手忍不住向前伸去,指尖颤抖着抚摸上那蓝色的布。其实她早就知道了,在狐青流把它带来的时候……
“二哥……”她记得他,那个人。无论是十七年前还是十三年前,他总是那般给人无限的安全。
这一次,他又是护在谁的身前呢?十七年前,为了救下狐言卿,他纵身跳崖好在吉人天相最终还是活了下来。
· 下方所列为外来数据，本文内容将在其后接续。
(* Every Random-Bucket mechanism is a posted price: agent i wins
   its bundle iff its report reaches the threshold 2^j, and then pays its
   value at signal 2^j - 1 ([threshold_IC], [RB_IC]).  In Random Sampling no
   winner's report influences anything it gets ([RS_IC]).

   For a feasible allocation X split each v_i(X_i; s) into the
   own-signal part v_i(X_i; s) - v_i(X_i; s_{-i}, 0) and the rest
   v_i(X_i; s_{-i}, 0).
   - Strong-SOS applied twice bounds the own-signal part of agent i by
     d(d+1) times its value in the bucket j with 2^j <= s_i < 2^(j+1)
     ([own_increment_bound]); summing over buckets gives [bucket_welfare].
   - Strong-SOS applied agent by agent ([restrict_chain]) bounds the rest by
     the values at s|~B and at s|~B' for two complementary samples, so on
     average over B it is at most 2(1+d) times the Random-Sampling welfare
     ([sampling_bound], [sampling_welfare]).
   Both bounds rest on [selector_dominates]: the welfare-maximizing choice for
   lowered values beats the restriction of X.  Weighting the two mechanisms
   by dL/(dL+2) and 2/(dL+2) ([mixture_identity]) yields the factor
   d(d+1)L + 2(d+1). *)

Lemma profile_ext n (p q : profile n) : (forall a, p a = q a) -> p = q.
Proof. exact: functional_extensionality. Qed.

Lemma upd_upd n (s : profile n) i x y : upd (upd s i x) i y = upd s i y.
Proof. by apply: profile_ext => a; rewrite /upd; case: eqP. Qed.
(* Let $H$ be a graph with $\chi(H)=r\geq 3$ and $\gcd(H)>1$. Then for every integer $n\geq r$ there exists a balanced $r$-partite graph $G$ on $rn$ vertices with $\delta^*(G)\geq \left(1-\frac{1}{\chi^*(H)}\right)n-1=\left(1-\frac1r\right)n-1$ that has no perfect $H$-tiling.
   Context: An $H$-tiling in $G$ is a collection of vertex-disjoint copies of $H$ in $G$; it is perfect if it covers every vertex of $G$. For an $r$-partite graph $G$ with vertex classes $V_1,\dots,V_r$, $G$ is balanced if all classes have the same size, and $\delta^*(G)$ is the largest integer $m$ such that for all $i\neq j$ every vertex of $V_i$ has at least $m$ neighbours in $V_j$. For $H$ with $\chi(H)=r$, let $\mathcal C$ be the set of proper $r$-colourings of $H$ with colour classes $X_1^\phi,\dots,X_r^\phi$, and $\mathcal D(H)=\bigcup_{\phi\in\mathcal C}\{|X_i^\phi|-|X_j^\phi|: i,j\in[r]\}$; $\gcd(H)$ is the greatest common divisor of the elements of $\mathcal D(H)$ if $\mathcal D(H)\ne\{0\}$ and $\infty$ otherwise. $\chi^*(H)=\chi(H)$ when $\gcd(H)\neq 1$. *)

From HB Require Import structures.
From mathcomp Require Import all_boot all_order all_algebra.
Set Implicit Arguments. Unset Strict Implicit. Unset Printing Implicit Defensive.
Import Order.TTheory GRing.Theory Num.Theory.

Definition simple_graph (V : finType) (e : rel V) : Prop :=
  symmetric e /\ irreflexive e.

Definition proper_col (V : finType) (e : rel V) (k : nat) (c : V -> 'I_k) : Prop :=
  forall x y, e x y -> c x != c y.

Definition colorable (V : finType) (e : rel V) (k : nat) : Prop :=
  exists c : V -> 'I_k, proper_col e c.

Definition chromatic_number_eq (V : finType) (e : rel V) (r : nat) : Prop :=
  colorable e r /\ ~ colorable e r.-1.

Definition proper_colb (V : finType) (e : rel V) (r : nat) (c : {ffun V -> 'I_r}) : bool :=
  [forall x, forall y, e x y ==> (c x != c y)].

Definition col_class (V : finType) (r : nat) (c : {ffun V -> 'I_r}) (i : 'I_r) : {set V} :=
  [set x | c x == i].

(* gcd(H), with the convention that the value 0 encodes "infinity"
   (i.e. D(H) = {0}).  The gcd of the integer differences |X_i|-|X_j| over all
   proper r-colourings and all i, j equals the gcd of their absolute values;
   since both (i,j) and (j,i) occur, the truncated nat subtraction
   #|X_i| - #|X_j| over all ordered pairs yields exactly all |X_i|-|X_j|
   absolute values plus zeros (zeros do not change a gcd). *)
Definition gcdH (V : finType) (e : rel V) (r : nat) : nat :=
  \big[gcdn/0]_(c : {ffun V -> 'I_r} | proper_colb e c)
    \big[gcdn/0]_(i : 'I_r) \big[gcdn/0]_(j : 'I_r)
       (#|col_class c i| - #|col_class c j|).

(* Balanced r-partite graph on vertex set 'I_r * 'I_n, with classes
   V_i = {(i, t) | t : 'I_n}: no edges inside a class. *)
Definition balanced_rpartite (r n : nat) (eG : rel ('I_r * 'I_n)) : Prop :=
  simple_graph eG /\ forall u v : 'I_r * 'I_n, u.1 = v.1 -> ~~ eG u v.

Definition deg_in (r n : nat) (eG : rel ('I_r * 'I_n)) (v : 'I_r * 'I_n) (j : 'I_r) : nat :=
  #|[set u : 'I_r * 'I_n | (u.1 == j) && eG v u]|.

(* delta*(G) >= x  (x rational): every vertex of V_i has at least x neighbours in
   V_j, for all i <> j. *)
Definition min_cross_deg_ge (r n : nat) (eG : rel ('I_r * 'I_n)) (x : rat) : Prop :=
  forall (v : 'I_r * 'I_n) (j : 'I_r), v.1 != j -> (x <= ((deg_in eG v j)%:R : rat))%R.

Definition H_copy (V W : finType) (e : rel V) (eG : rel W) (f : V -> W) : Prop :=
  injective f /\ forall x y, e x y -> eG (f x) (f y).

Definition perfect_tiling (V W : finType) (e : rel V) (eG : rel W) : Prop :=
  exists (k : nat) (f : 'I_k -> V -> W),
    (forall t, H_copy e eG (f t)) /\
    (forall t t' x y, t != t' -> f t x != f t' y) /\
    (forall w, exists t x, f t x = w).

From HB Require Import structures.
From mathcomp Require Import all_boot all_order all_algebra zify lra.
Import Order.TTheory GRing.Theory Num.Theory.

Set Implicit Arguments.
Unset Strict Implicit.
Unset Printing Implicit Defensive.

(* Label the vertex (i, t) of the balanced r-partite vertex set by i + t mod r,
   except that (0, 0) gets label r - 1, and join vertices of different classes
   with different labels.  In class j the vertices of a fixed label lie in one
   residue class of t mod r (plus possibly t = 0), so every vertex misses at
   most n/r + 1 vertices of any other class.  The labelling is a proper
   r-colouring of G that uses label r - 1 exactly n + 1 times and label 1
   exactly n times (r >= 3 keeps 0, 1 and r - 1 apart).  Each copy of H in G
   inherits a proper r-colouring, whose classes 1 and r - 1 have sizes
   congruent modulo gcd(H); summing over a perfect tiling would give
   n + 1 = n (mod gcd(H)), which is impossible when gcd(H) <> 1. *)

Lemma card_residue_class_le (n d k m : nat) : 0 < d ->
  (forall t, t < n -> t %% d = k -> t %/ d < m) ->
  #|[set t : 'I_n | t %% d == k]| <= m.
Proof.
move=> d_gt0 quo_lt_m.
rewrite cardE -(size_map (fun t : 'I_n => t %/ d)) -[m in _ <= m](size_iota 0).
apply: uniq_leq_size.
  rewrite map_inj_in_uniq ?enum_uniq // => t t'.
  rewrite !mem_enum !inE => /eqP tk /eqP t'k eq_quo; apply: val_inj.
  by rewrite /= (divn_eq t d) (divn_eq t' d) tk t'k eq_quo.
move=> q /mapP [t]; rewrite mem_enum inE => /eqP tk ->.
by rewrite mem_iota add0n; exact: quo_lt_m.
Qed.

Lemma card_residue_le (n d k : nat) : 0 < d ->
  #|[set t : 'I_n | t %% d == k]| <= (n %/ d).+1.
Proof.
move=> d_gt0; apply: card_residue_class_le => // t t_lt_n _.
by rewrite ltnS leq_div2r // ltnW.
Qed.

Lemma card_residue_last_le (n d : nat) : 0 < d ->
  #|[set t : 'I_n | t %% d == d.-1]| <= n %/ d.
Proof.
move=> d_gt0; apply: card_residue_class_le => // t t_lt_n t_last.
rewrite leq_divRL // mulSn; have := divn_eq t d; rewrite t_last; lia.
Qed.

Lemma big_gcdn_dvd (I : finType) (P : pred I) (F : I -> nat) i :
  P i -> \big[gcdn/0]_(j | P j) F j %| F i.
Proof. by move=> Pi; rewrite (bigD1 i) //= dvdn_gcdl. Qed.

Lemma gcdH_col_class_congr (V : finType) (e : rel V) (r : nat) (c : V -> 'I_r)
    (i j : 'I_r) : proper_col e c ->
  \sum_x (c x == i : nat) = \sum_x (c x == j : nat) %[mod gcdH e r].
Proof.
move=> c_proper; pose cf : {ffun V -> 'I_r} := [ffun x => c x].
have cf_proper : proper_colb e cf.
  by apply/forallP=> x; apply/forallP=> y; apply/implyP=> /c_proper; rewrite !ffunE.
have card_class l : #|col_class cf l| = \sum_x (c x == l : nat).
  rewrite -sum1_card big_mkcond /=; apply: eq_bigr => x _.
  by rewrite inE ffunE; case: (_ == _).
have dvd_diff l l' : gcdH e r %| #|col_class cf l| - #|col_class cf l'|.
  rewrite /gcdH; apply: dvdn_trans (big_gcdn_dvd _ cf_proper) _.
  apply: dvdn_trans (big_gcdn_dvd (P := xpredT) _ (erefl true : xpredT l)) _.
  exact: (big_gcdn_dvd (P := xpredT) _ (erefl true : xpredT l')).
rewrite -!card_class; apply/eqP.
have [le_ij | lt_ji] := leqP #|col_class cf i| #|col_class cf j|.
  by rewrite eq_sym eqn_mod_dvd.
by rewrite eqn_mod_dvd // ltnW.
Qed.

Lemma perfect_tiling_sum (V W : finType) (e : rel V) (eG : rel W) (k : nat)
    (f : 'I_k -> V -> W) (F : W -> nat) :
  (forall t, H_copy e eG (f t)) ->
  (forall t t' x y, t != t' -> f t x != f t' y) ->
  (forall w, exists t x, f t x = w) ->
  \sum_w F w = \sum_t \sum_x F (f t x).
Proof.
move=> copy_f disj_f cover_f; pose h (tx : 'I_k * V) := f tx.1 tx.2.
have h_inj : {in [set: 'I_k * V] &, injective h}.
  move=> [t x] [t' y] _ _; rewrite /h /=.
  have [<- | neq_tt'] := eqVneq t t'; first by case: (copy_f t) => f_inj _ /f_inj ->.
  by move=> eq_f; move: (disj_f _ _ x y neq_tt'); rewrite eq_f eqxx.
have h_onto : h @: [set: 'I_k * V] = [set: W].
  apply/setP=> w; rewrite !inE; have [t [x <-]] := cover_f w.
  by apply/imsetP; exists (t, x); rewrite ?inE.
have -> : \sum_w F w = \sum_(w in h @: [set: 'I_k * V]) F w.
  by rewrite h_onto; apply: eq_bigl => w; rewrite inE.
rewrite big_imset //= (eq_bigl xpredT); last by move=> tx; rewrite inE.
by rewrite -(pair_bigA _ (fun t x => F (f t x))).
Qed.

Lemma min_cross_deg_rat (r n d : nat) : 0 < r -> n <= d + (n %/ r).+1 ->
  ((1 - 1 / (r%:R : rat)) * n%:R - 1 <= d%:R)%R.
Proof.
move=> r_gt0 n_le.
have quo_le : ((n %/ r)%:R <= (n%:R : rat) / r%:R)%R.
  by rewrite ler_pdivlMr ?ltr0n // -natrM ler_nat leq_divM.
have n_le_rat : (n%:R <= d%:R + (n %/ r)%:R + 1 :> rat)%R.
  by rewrite -natrD natr1 ler_nat -addnS.
rewrite mulrBl !mul1r mulrC; lra.
Qed.

Section LabelGraph.
Variables p n : nat.
Local Notation r := p.+1.
Local Notation vertex := ('I_r * 'I_n)%type.

Definition residue_label (u : vertex) : 'I_r := (u.1 + inZp u.2)%R.

Definition label (u : vertex) : 'I_r :=
  if (u.1 == 0%R) && (val u.2 == 0) then ord_max else residue_label u.

Definition label_graph (u v : vertex) : bool :=
  (u.1 != v.1) && (label u != label v).

Lemma label_graph_balanced : balanced_rpartite label_graph.
Proof.
split; last by move=> u v eq_class; rewrite /label_graph eq_class eqxx.
split=> [u v | u]; last by rewrite /label_graph eqxx.
by rewrite /label_graph eq_sym [label v == _]eq_sym.
Qed.

Lemma residue_label_eq (j : 'I_r) (t : 'I_n) (c : 'I_r) :
  (residue_label (j, t) == c) = (t %% r == val (c - j)%R).
Proof.
by rewrite /residue_label addrC eq_sym -subr_eq eq_sym -(inj_eq val_inj).
Qed.

Lemma card_label_fiber (j c : 'I_r) :
  #|[set t : 'I_n | label (j, t) == c]| <= (n %/ r).+1.
Proof.
have [j0 | j_neq0] := eqVneq j 0%R; last first.
  apply: leq_trans (card_residue_le n (val (c - j)%R) (ltn0Sn p)).
  apply: subset_leq_card; apply/subsetP=> t.
  by rewrite !inE /label (negbTE j_neq0) residue_label_eq.
have [c_max | c_neq_max] := eqVneq c ord_max; last first.
  apply: leq_trans (card_residue_le n (val (c - j)%R) (ltn0Sn p)).
  apply: subset_leq_card; apply/subsetP=> t; rewrite !inE /label j0 /=.
  case: ifP => [_ /eqP max_c | _]; last by rewrite residue_label_eq.
  by rewrite max_c eqxx in c_neq_max.
have fiber_sub : [set t : 'I_n | label (j, t) == c]
    \subset [set t : 'I_n | val t == 0] :|: [set t : 'I_n | t %% r == r.-1].
  apply/subsetP=> t; rewrite !inE /label j0 c_max /=.
  by have [-> // | _] := eqVneq (val t) 0; rewrite residue_label_eq subr0.
apply: leq_trans (subset_leq_card fiber_sub) _.
apply: leq_trans (leq_card_setU _ _) _.
apply: (@leq_add _ _ 1 (n %/ r)); last exact: card_residue_last_le.
apply/card_le1_eqP=> t t'; rewrite !inE => /eqP t0 /eqP t'0.
by apply: val_inj; rewrite /= t0 t'0.
Qed.

Lemma label_graph_cross_deg (v : vertex) (j : 'I_r) : v.1 != j ->
  n <= deg_in label_graph v j + (n %/ r).+1.
Proof.
move=> v_j; set A := [set t : 'I_n | label (j, t) == label v].
have card_compl : #|A| + #|~: A| = n by rewrite cardsC card_ord.
have compl_le_deg : #|~: A| <= deg_in label_graph v j.
  rewrite -(@card_imset _ _ (pair j) (mem (~: A))); last by move=> a b [].
  apply: subset_leq_card; apply/subsetP=> u /imsetP [t]; rewrite !inE => t_notA ->.
  by rewrite /= eqxx /label_graph /= v_j eq_sym.
have := card_label_fiber j (label v); rewrite -/A; lia.
Qed.

Lemma label_graph_proper (V : finType) (e : rel V) (f : V -> vertex) :
  H_copy e label_graph f -> proper_col e (label \o f).
Proof. by case=> _ f_edge x y /f_edge /andP []. Qed.

Lemma sum_residue_label (c : 'I_r) :
  \sum_(u : vertex) (residue_label u == c : nat) = n.
Proof.
rewrite -(pair_bigA _ (fun i t => (residue_label (i, t) == c : nat))) exchange_big /=.
rewrite (eq_bigr (fun _ => 1)) ?sum_nat_const ?card_ord ?muln1 // => t _.
rewrite (bigD1 (c - inZp t)%R) //= /residue_label /= subrK eqxx big1 // => i i_neq.
by apply/eqP; rewrite eqb0; apply: contra i_neq => /eqP <-; rewrite addrK.
Qed.

Section Counts.
Hypothesis n_gt0 : 0 < n.
Let corner : vertex := (0%R, Ordinal n_gt0).

Lemma label_eq_residue_label (u : vertex) : u != corner -> label u = residue_label u.
Proof.
rewrite /label; case: ifP => // /andP [/eqP u1 /eqP u2].
by case/eqP; case: u u1 u2 => i t /= -> u2; congr pair; apply: val_inj.
Qed.

(* The relabelling of the corner moves one vertex from label 0 to label r - 1. *)
Lemma sum_label (c : 'I_r) :
  \sum_(u : vertex) (label u == c : nat) + (0%R == c :> 'I_r) = n + (ord_max == c).
Proof.
have corner_residue : residue_label corner = 0%R.
  by rewrite /residue_label /= add0r; apply: val_inj; rewrite /= mod0n.
have label_corner : label corner = ord_max by [].
have := sum_residue_label c.
rewrite [X in X = n -> _](bigD1 corner) // corner_residue.
rewrite [X in _ -> X + _ = _](bigD1 corner) // label_corner.
rewrite [X in _ -> _ + X + _ = _](eq_bigr (fun u => (residue_label u == c : nat))).
  by move=> sum_eq; rewrite -[X in _ = X + _]sum_eq addnAC [RHS]addnC addnA.
by move=> u /label_eq_residue_label ->.
Qed.

End Counts.
End LabelGraph.

Lemma label_graph_no_perfect_tiling (V : finType) (e : rel V) (p n : nat) :
  1 < p -> 0 < n -> gcdH e p.+1 != 1 -> ~ perfect_tiling e (@label_graph p n).
Proof.
move=> p_gt1 n_gt0 gcd_neq1 [k [f [copy_f [disj_f cover_f]]]].
pose one : 'I_p.+1 := inZp 1.
have one_val : val one = 1 by rewrite /= modn_small // ltnS ltnW.
have [zero_max zero_one max_one] : [/\ (0%R == ord_max :> 'I_p.+1) = false,
    (0%R == one) = false & (ord_max == one) = false].
  by rewrite -!(inj_eq val_inj) one_val /=; split; apply/negbTE/eqP; lia.
have count_max : \sum_(u : 'I_p.+1 * 'I_n) (label u == ord_max : nat) = n.+1.
  by have := sum_label (p := p) n_gt0 ord_max; rewrite zero_max eqxx addn0 addn1.
have count_one : \sum_(u : 'I_p.+1 * 'I_n) (label u == one : nat) = n.
  by have := sum_label (p := p) n_gt0 one; rewrite zero_one max_one !addn0.
have sum_tiles c : \sum_(u : 'I_p.+1 * 'I_n) (label u == c : nat)
    = \sum_t \sum_x (label (f t x) == c : nat).
  exact: (perfect_tiling_sum (fun u => (label u == c : nat)) copy_f disj_f cover_f).
have counts_congr : \sum_(u : 'I_p.+1 * 'I_n) (label u == ord_max : nat)
    = \sum_(u : 'I_p.+1 * 'I_n) (label u == one : nat) %[mod gcdH e p.+1].
  rewrite !sum_tiles -modn_summ -[RHS]modn_summ; congr (_ %% _).
  by apply: eq_bigr => t _; exact: gcdH_col_class_congr (label_graph_proper (copy_f t)).
move: counts_congr; rewrite count_max count_one => /eqP.
by rewrite eqn_mod_dvd // subSnn dvdn1; exact/negP.
Qed.

Theorem mainTheorem8 (V : finType) (e : rel V) (r : nat) :
  simple_graph e ->
  chromatic_number_eq e r ->
  3 <= r ->
  gcdH e r != 1 ->
  forall n : nat, r <= n ->
  exists eG : rel ('I_r * 'I_n),
    balanced_rpartite eG /\
    min_cross_deg_ge eG ((1 - 1 / (r%:R : rat)) * n%:R - 1)%R /\
    ~ perfect_tiling e eG.
Proof.
case: r => [// | p] _ _ p_gt1 gcd_neq1 n r_le_n.
exists (@label_graph p n); split; [exact: label_graph_balanced | split].
  move=> v j v_j; apply: min_cross_deg_rat => //.
  exact: label_graph_cross_deg.
by apply: label_graph_no_perfect_tiling => //; apply: leq_trans r_le_n.
Qed.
可是那之后,他的右肩就留下了一道无论如何都去不掉的伤痕。
而这一次……
红铃从未曾想过,那一次他们去梦泽宫,他抱着她上山竟成了这辈子最后一次被他拥抱。他身上那股灼热的气息,如今却只剩下一布冰凉。
红铃愣在原地,忽的眼前出现了一个黑色的人影。她猛地抬头,只见一抹萧瑟的青。
狐青流就站在她的对面,双目悲恸朝她伸出手来。她再也忍不住了,朝他飞奔而去张开手紧紧环绕住她的四哥,这个世界上……她最后的亲人啊!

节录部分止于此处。